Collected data
(* Let $N\geq 2$ and let $p(\theta)=a_0+\sum_{k=1}^{N}(a_k\cos k\theta+b_k\sin k\theta)$ be a real trigonometric polynomial of degree $N$ (so $a_N\neq 0$ or $b_N\neq 0$). Let $\gamma(\theta)=\big(p(\theta)\cos\theta-p'(\theta)\sin\theta,\ p(\theta)\sin\theta+p'(\theta)\cos\theta\big)$ for $\theta\in\,]-\pi,\pi[$, let $\mathcal{C}$ be the curve it describes, and let $\mathcal{P}(t)=\gamma(2\arctan t)$, $t\in\mathbb{R}$. Let $q$ be the number of times $\gamma$ traces $\mathcal{C}$, i.e. the positive integer such that for all but finitely many $t\in\mathbb{R}$ the set $\{s\in\mathbb{R}:\mathcal{P}(s)=\mathcal{P}(t)\}$ has exactly $q$ elements. (i) If some coefficient of even index is nonzero, i.e. $a_{2k}\neq 0$ for some integer $k$ with $0\le 2k\le N$, or $b_{2k}\neq 0$ for some integer $k$ with $2\le 2k\le N$, then $q=1$. (ii) If $a_{2k}=0$ and $b_{2k}=0$ for all integers $k$ with $0\leq 2k\leq N$ (with $b_0:=0$), then $q=2$.
   Context: The map $\theta\mapsto\tan(\theta/2)$ is a bijection $]-\pi,\pi[\to\mathbb{R}$, so $\mathcal{P}$ is a rational parametrization of $\mathcal{C}$. *)

From Stdlib Require Import Reals Lra List.
From Coquelicot Require Import Coquelicot.
Open Scope R_scope.

Definition trig_poly (N : nat) (a b : nat -> R) (th : R) : R :=
  a 0%nat + sum_f 1 N (fun k => a k * cos (INR k * th) + b k * sin (INR k * th)).

Definition gamma_curve (N : nat) (a b : nat -> R) (th : R) : R * R :=
  let p := trig_poly N a b in
  (p th * cos th - Derive p th * sin th,
   p th * sin th + Derive p th * cos th).

Definition Pcurve (N : nat) (a b : nat -> R) (t : R) : R * R :=
  gamma_curve N a b (2 * atan t).

Definition has_card (S : R -> Prop) (n : nat) : Prop :=
  exists l : list R, NoDup l /\ length l = n /\ (forall s, S s <-> In s l).

Definition traces_times (N : nat) (a b : nat -> R) (q : nat) : Prop :=
  (0 < q)%nat /\
  exists E : list R, forall t, ~ In t E ->
    has_card (fun s => Pcurve N a b s = Pcurve N a b t) q.
Theorem theorem5 :
  ~ exists G : dcfg1 abcd,
      forall w : seq (letter1 abcd),
        lang G w <-> exists v : seq abcd, w = map Some v /\ fourMIX v.
Proof.
move=> [G G_fourMIX].
have [K HK] := occurs_count_bounded G_fourMIX.
pose T := 4 * K; pose n := rules_word_size G + rules_nt_count G * T + T + 1.
have [g [Hder [g_gr g_val]]] : lang G (map Some (word n)).
  by apply/G_fourMIX; exists (word n); split => //; exact: word_fourMIX.
have [|B [g1 [Hsub /andP [long short]]]] := subtree_window (T := T) (expands_of_derivable Hder g_gr).
  by rewrite /= g_val wlen_map_Some size_word /n; lia.
have g1_occurs : occurs_in_fourMIX B g1.
  by exists g, (word n); split => //; split => //; exact: word_fourMIX.
have [u [v [p [q [r [g1_val [u_free [v_free g_eq]]]]]]]] := subtree_factor Hsub (correct1_TNT _).
have wlen_g1 : wlen (tvalue g1) = size u + size v.
  rewrite -(wlen_sepfree u_free) -(wlen_sepfree v_free).
  by case: g1_val => ->; rewrite /wlen !count_cat.
have [u_short v_short] : size u < n /\ size v < n by rewrite /n; lia.
rewrite g_val in g_eq.
have [z zNa z_uv] := short_factors_word_miss g_eq u_short v_short.
have z_g1 : count_mem (Some z) (tvalue g1) = 0.
  by apply/count_memPn; move: z_uv; case: g1_val => ->; rewrite !mem_cat ?in_cons.
have count_le (x : abcd) : count_mem (Some x) (tvalue g1) <= K.
  by apply: leq_trans (HK B g1 g1_occurs x z) _; rewrite z_g1.
have := wlen_count (tvalue g1).
by have := count_le La; have := count_le Lb; have := count_le Lc; have := count_le Ld; lia.
Qed.
Lemma embedding_restrict_apiso (Q P : AP) (h : carrier Q -> carrier P) (k : pred (carrier P)) :
  embedding h -> (forall x, (x \in codom h) = k x) -> apiso Q (restrict k).
Proof.
move=> emb_h codom_h.
have k_h q : k (h q) by rewrite -codom_h codom_f.
have codom_k (r : carrier (restrict k)) : val r \in codom h by rewrite codom_h; exact: valP.
pose f q : carrier (restrict k) := Sub (h q) (k_h q).
apply/apisoP; exists f; split.
  exact: (embedding_compr (h := f) (embedding_val k) emb_h).
case: emb_h => h_inj _ _; exists (fun r => iinv (codom_k r)) => [q | r].
  by apply: h_inj; rewrite f_iinv.
by apply: val_inj; rewrite /= f_iinv.
Qed.

Lemma restrict_eq (P : AP) (k k' : pred (carrier P)) :
  k =1 k' -> apiso (restrict k) (restrict k').
Proof.
by move=> kk'; apply: embedding_restrict_apiso (embedding_val k) _ => x; rewrite codom_val.
Qed.

Lemma restrict_restrict (P : AP) (k : pred (carrier P)) (k2 : pred (carrier (restrict k)))
    (k' : pred (carrier P)) :
  (forall q, k2 q = k' (val q)) -> apiso (restrict k2) (restrict [pred x | k x && k' x]).
Proof.
move=> k2E.
apply: embedding_restrict_apiso (embedding_comp (embedding_val _) (embedding_val _)) _ => x.
apply/codomP/andP => [[q ->] | [kx k'x]].
  by split; [exact: valP | rewrite -k2E; exact: valP].
have k2x : k2 (Sub x kx) by rewrite k2E.
by exists (Sub (Sub x kx) k2x).
Qed.

Lemma apiso_restrict (P P' : AP) (f : carrier P -> carrier P') (k : pred (carrier P))
    (k' : pred (carrier P')) :
  embedding f -> bijective f -> (forall x, k' (f x) = k x) ->
  apiso (restrict k) (restrict k').
Proof.
move=> emb_f [g fK gK] kf.
apply: embedding_restrict_apiso (embedding_comp (embedding_val k) emb_f) _ => x.
apply/codomP/idP => [[q ->] | k'x]; first by rewrite /= kf; exact: valP.
have kgx : k (g x) by rewrite -kf gK.
by exists (Sub (g x) kgx); rewrite /= gK.
Qed.
(* The group $\mathrm{GL}_n(\mathbb C)\times\mathrm{GL}_n(\mathbb C)$ has $2^{n-1}$ orbits on $\mathrm{Hinge}_n$. These orbits are enumerated by the number $k\in\{1,\dots,n\}$ of terms and the positive integers $\alpha_1=\mathrm{rk}\,P_1,\dots,\alpha_k=\mathrm{rk}\,P_k$, where $\alpha_1+\dots+\alpha_k=n$: two hinges lie in the same orbit iff these data coincide, and every such tuple $(\alpha_1,\dots,\alpha_k)$ occurs.
   Context: Let $V=\mathbb C^n$. For a linear subspace (linear relation) $P\subset V\oplus V$: $\mathrm{Ker}\,P=\{v: v\oplus0\in P\}$, $\mathrm{Dom}\,P$ and $\mathrm{Im}\,P$ are the projections of $P$ to the first and second summands, $\mathrm{Indef}\,P=\{w:0\oplus w\in P\}$, $\mathrm{rk}\,P=\dim\mathrm{Dom}\,P-\dim\mathrm{Ker}\,P$. A hinge is a sequence $(P_1,\dots,P_k)$ of $n$-dimensional subspaces of $V\oplus V$ such that $\mathrm{Ker}\,P_j=\mathrm{Dom}\,P_{j+1}$ and $\mathrm{Im}\,P_j=\mathrm{Indef}\,P_{j+1}$ for $1\le j\le k-1$, $\mathrm{Dom}\,P_1=V$, $\mathrm{Im}\,P_k=V$, and $\mathrm{rk}\,P_j>0$ for all $j$. $\mathrm{Hinge}_n$ is the set of all hinges. $(g_1,g_2)\in\mathrm{GL}_n(\mathbb C)\times\mathrm{GL}_n(\mathbb C)$ acts on $V\oplus V$ by $v\oplus w\mapsto g_1v\oplus g_2w$, and on hinges termwise. *)

From mathcomp Require Import all_boot all_algebra complex.
From mathcomp Require Import Rstruct.
Set Implicit Arguments. Unset Strict Implicit. Unset Printing Implicit Defensive.
Import GRing.Theory.
Local Open Scope ring_scope.
(* For every alphabet $\Sigma$, $\mathrm{RevL}(\mathbb{F}_2,\Sigma)$ equals the Boolean closure of $\mathrm{RevL}(\mathbb{B},\Sigma)$, i.e., the smallest set of languages over $\Sigma$ containing $\mathrm{RevL}(\mathbb{B},\Sigma)$ and closed under complementation in $\Sigma^*$, finite unions and finite intersections. In other words, the class $\mathrm{RevL}(\mathbb{F}_2)$ is the Boolean closure of $\mathrm{RevL}(\mathbb{B})$.
   Context: $\mathbb{F}_2$ is the two-element field and $\mathbb{B}=(\{0,1\},\lor,\land,0,1)$ the Boolean semiring. For a semiring $S$ and finite nonempty alphabet $\Sigma$, a series is a map $r\colon\Sigma^*\to S$ with value $(r,w)$ and support $\mathrm{supp}(r)=\{w\mid(r,w)\neq0\}$. A weighted automaton over $S$ and $\Sigma$ is $\mathcal{A}=(Q,\sigma,\iota,\tau)$ with $Q$ finite, $\sigma\colon Q\times\Sigma\times Q\to S$, $\iota,\tau\colon Q\to S$; a run on $w=a_1\cdots a_t$ is $q_0a_1q_1\cdots a_tq_t$ with all $\sigma(q_{k-1},a_k,q_k)\neq0$, of weight $\iota(q_0)\sigma(q_0,a_1,q_1)\cdots\sigma(q_{t-1},a_t,q_t)\tau(q_t)$, and $(\|\mathcal{A}\|,w)$ is the sum of weights of all runs on $w$. $\mathcal{A}$ is reversible if for all $p,p',q,q'\in Q$, $a\in\Sigma$: $\sigma(p,a,q)\neq0\neq\sigma(p,a,q')$ implies $q=q'$, and $\sigma(p,a,q)\neq0\neq\sigma(p',a,q)$ implies $p=p'$. $\mathrm{RevL}(S,\Sigma)$ is the set of supports of series realised by reversible weighted automata over $S$ and $\Sigma$, and $\mathrm{RevL}(S)$ the class of all such languages over all alphabets. $\mathrm{RevL}(\mathbb{B},\Sigma)$ is exactly the set of languages recognised by reversible finite automata in the sense of Pin (transition relation deterministic and codeterministic, arbitrary sets of initial and final states). *)

From HB Require Import structures.
From mathcomp Require Import all_boot all_algebra.
Set Implicit Arguments. Unset Strict Implicit. Unset Printing Implicit Defensive.
Definition avoidance Z : Prop :=
  forall C D (a : 'Hom(U, V)) z,
  (forall d, d \in D -> factors_into Z C d) -> factors_into Z C a ->
  z \in C -> z != 0 -> (factors_dim Z C + 1 <= \dim D + \dim C)%N ->
  exists2 d, d \in D & z \notin limg (a + d).

(* It
   follows by applying [avoidance] after projecting C modulo <[v]>. *)
Lemma avoidance_mod_line Z : avoidance Z ->
  forall C D (t : 'Hom(U, V)) v f,
  (forall d, d \in D -> factors_into Z C d) -> (forall u, t u \in C) ->
  v \in C -> v != 0 -> (forall z, z \in Z -> t z \in <[v]>%VS) ->
  f \in C -> f \notin <[v]>%VS -> (factors_dim Z C + 2 <= \dim D + \dim C)%N ->
  exists2 d, d \in D & f \notin limg (t + d).
Proof.
move=> avZ C D t v f HD Ct Cv v0 tZ Cf fv Hdim.
pose P := addv_pi1 C <[v]>; pose C' := (C :\: <[v]>)%VS.
pose D' := (linfun (postcomp P) @: D)%VS.
have C'P y : P y \in C' by apply: memv_pi.
have HC := dim_proj_line Cv.
have HD' d' : d' \in D' -> factors_into Z C' d'.
  case/memv_imgP => d Hd ->; have [dZ _] := HD d Hd.
  by split=> [z Hz|u]; rewrite postcompE comp_lfunE // dZ // linear0.
have kerD : (\dim D <= factors_dim Z <[v]> + \dim D')%N.
  rewrite -(limg_ker_dim (linfun (postcomp P)) D) leq_add2r.
  apply: dim_factors => d; rewrite memv_cap memv_ker postcompE => /andP [Hd /eqP Pd].
  have [dZ dC] := HD d Hd; split=> [//|u]; apply: proj_line_ker => //.
  by rewrite -comp_lfunE Pd lfunE.
have Pt : factors_into Z C' (P \o t)%VF.
  by split=> [z Hz|u]; rewrite comp_lfunE // proj_line_kills ?tZ.
have Pf0 : P f != 0 by apply: contra fv => /eqP; apply: proj_line_ker.
have dimD' : (factors_dim Z C' + 1 <= \dim D' + \dim C')%N.
  move: Hdim kerD; rewrite (factors_dim_split Z HC) HC dim_vline v0 -/C' /=.
  dim_lia.
have [_ /memv_imgP [d Hd ->] Pf] := avZ C' D' _ (P f) HD' Pt (C'P f) Pf0 dimD'.
exists d => //; apply: contra Pf => /memv_imgP [u _ ->].
by rewrite postcompE -comp_lfunDr -comp_lfunE mem_limg.
Qed.

Lemma notin_line_sym (z b : V) : z != 0 -> b \notin <[z]>%VS -> z \notin <[b]>%VS.
Proof.
move=> z0; apply: contra => /vlineP [c Ec].
have c0 : c != 0 by apply: contraNneq z0 => c0; rewrite Ec c0 scale0r.
by apply/vlineP; exists c^-1; rewrite Ec scalerA mulVf ?scale1r.
Qed.

Lemma shift_off_line (E : {vspace V}) (a z : V) :
  a \notin E -> E != 0%VS -> exists2 e, e \in E & a + e \notin <[z]>%VS.
Proof.
move=> aE E0; have [az | az] := boolP (a \in <[z]>%VS); last first.
  by exists 0; rewrite ?mem0v ?addr0.
have /subvPn [e Ee ez] : ~~ (E <= <[z]>)%VS.
  apply: contra aE => Ez; suff -> : E = <[z]>%VS by [].
  apply/eqP; rewrite eqEdim Ez dim_vline (leq_trans (leq_b1 _)) // lt0n dimv_eq0 //.
exists e => //; apply: contra ez => aez.
by rewrite -(addKr a e) memvD ?memvN.
Qed.

(* The avoidance property holds for every subspace Z, by induction on its
   codimension: writing D1 for the operators of D vanishing at w \notin Z,
   either a w is the value of some d in D at w (then correct a by d and use
   the hypothesis for Z + <[w]>), or the values at w of a suitable a + d span
   a line off z and [avoidance_mod_line] for Z + <[w]> concludes. *)
Lemma avoidance_all Z : avoidance Z.
Proof.
elim/codim_ind: Z => [|Z w Zw IH] C D a z HD Ha Cz z0 Hdim.
  exists 0; first exact: mem0v.
  rewrite addr0 (factors_full Ha); apply: contra z0 => /memv_imgP [u _ ->].
  by rewrite lfunE.
have HD1 := factors_vanishing_at (w := w) HD.
have D1D : (vanishing_at D w <= D)%VS := vanishing_at_sub D w.
have dimD := dim_vanishing_at D w.
have EC : (Sx D w <= C)%VS := Sx_factors w HD.
have dimE := dimvS EC.
have dimD1 := dim_factors HD1.
have dimZ := factors_dim_addv_line C Zw.
have [/SxP [d' Dd' ad'] | aE] := boolP (a w \in Sx D w).
  have Ha' : factors_into (Z + <[w]>) C (a - d').
    apply: factors_addv_line; first exact: factors_intoB Ha (HD _ Dd').
    by rewrite add_lfunE opp_lfunE ad' subrr.
  have [d1 D1d1 zd1] := IH C (vanishing_at D w) _ z HD1 Ha' Cz z0 ltac:(dim_lia).
  exists (d1 - d'); first exact/memvB/Dd'/(subvP D1D).
  by rewrite addrCA addrC.
have dimEC : (\dim (Sx D w) < \dim C)%N.
  rewrite ltnNge; apply: contra aE => CE.
  by have [_ /(_ w)] := Ha; rewrite -(eqP (_ : Sx D w == C)) // eqEdim EC.
have [_ /SxP [d' Dd' ->] aez] := shift_off_line z aE
  ltac:(rewrite -dimv_eq0; dim_lia).
have [tZ tC] : factors_into Z C (a + d') by apply: factors_intoD Ha (HD _ Dd').
have tw : (a + d') w = a w + d' w by rewrite add_lfunE.
have tw0 : (a + d') w != 0.
  by apply: contra aez; rewrite -tw => /eqP ->; apply: mem0v.
have zt : z \notin <[(a + d') w]>%VS by apply: notin_line_sym; rewrite ?tw.
have [d1 D1d1 zd1] := avoidance_mod_line IH HD1 tC (tC w) tw0
  (factors_line tZ) Cz zt ltac:(dim_lia).
by exists (d' + d1); [apply/memvD/(subvP D1D) | rewrite addrA].
Qed.

Implicit Types (F G : 'Hom(U, V) -> V) (y : U).

Lemma additive_on_sub S1 S F : (S1 <= S)%VS -> additive_on S F -> additive_on S1 F.
Proof. by move=> /subvP S1S HF s t /S1S Hs /S1S Ht; apply: HF. Qed.

Lemma range_compatible_sub S1 S F :
  (S1 <= S)%VS -> range_compatible S F -> range_compatible S1 F.
Proof. by move=> /subvP S1S HF s /S1S; apply: HF. Qed.

Lemma additive_on0 S F : additive_on S F -> F 0 = 0.
Proof.
move=> HF; apply: (@addrI _ (F 0)); rewrite -HF ?mem0v //.
by rewrite !addr0.
Qed.

Definition shift_by F y (s : 'Hom(U, V)) : V := F s - s y.

Lemma additive_shift_by S F y : additive_on S F -> additive_on S (shift_by F y).
Proof. by move=> HF s t Hs Ht; rewrite /shift_by HF // add_lfunE opprD addrACA. Qed.

Lemma range_compatible_shift_by S F y :
  range_compatible S F -> range_compatible S (shift_by F y).
Proof. by move=> HF s Hs; rewrite memvB ?HF ?mem_limg. Qed.

Lemma linear_shift_by S F y : linear_on S F -> linear_on S (shift_by F y).
Proof.
case=> HF HZ; split=> [|a s Ss]; first exact: additive_shift_by.
by rewrite /shift_by HZ // scale_lfunE scalerBr.
Qed.

Lemma shift_by_vanishes S F y :
  (forall s, s \in S -> F s = s y) -> forall s, s \in S -> shift_by F y s = 0.
Proof. by move=> Fy s /Fy; rewrite /shift_by => ->; rewrite subrr. Qed.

→ What you should do
Above are the records. Print exactly, and only, the lines from the line with "Lemma restrict_restrict (P" to the line with "move=> k2E.", both inclusive.

→ Exercise answer
Lemma restrict_restrict (P : AP) (k : pred (carrier P)) (k2 : pred (carrier (restrict k)))
    (k' : pred (carrier P)) :
  (forall q, k2 q = k' (val q)) -> apiso (restrict k2) (restrict [pred x | k x && k' x]).
Proof.
move=> k2E.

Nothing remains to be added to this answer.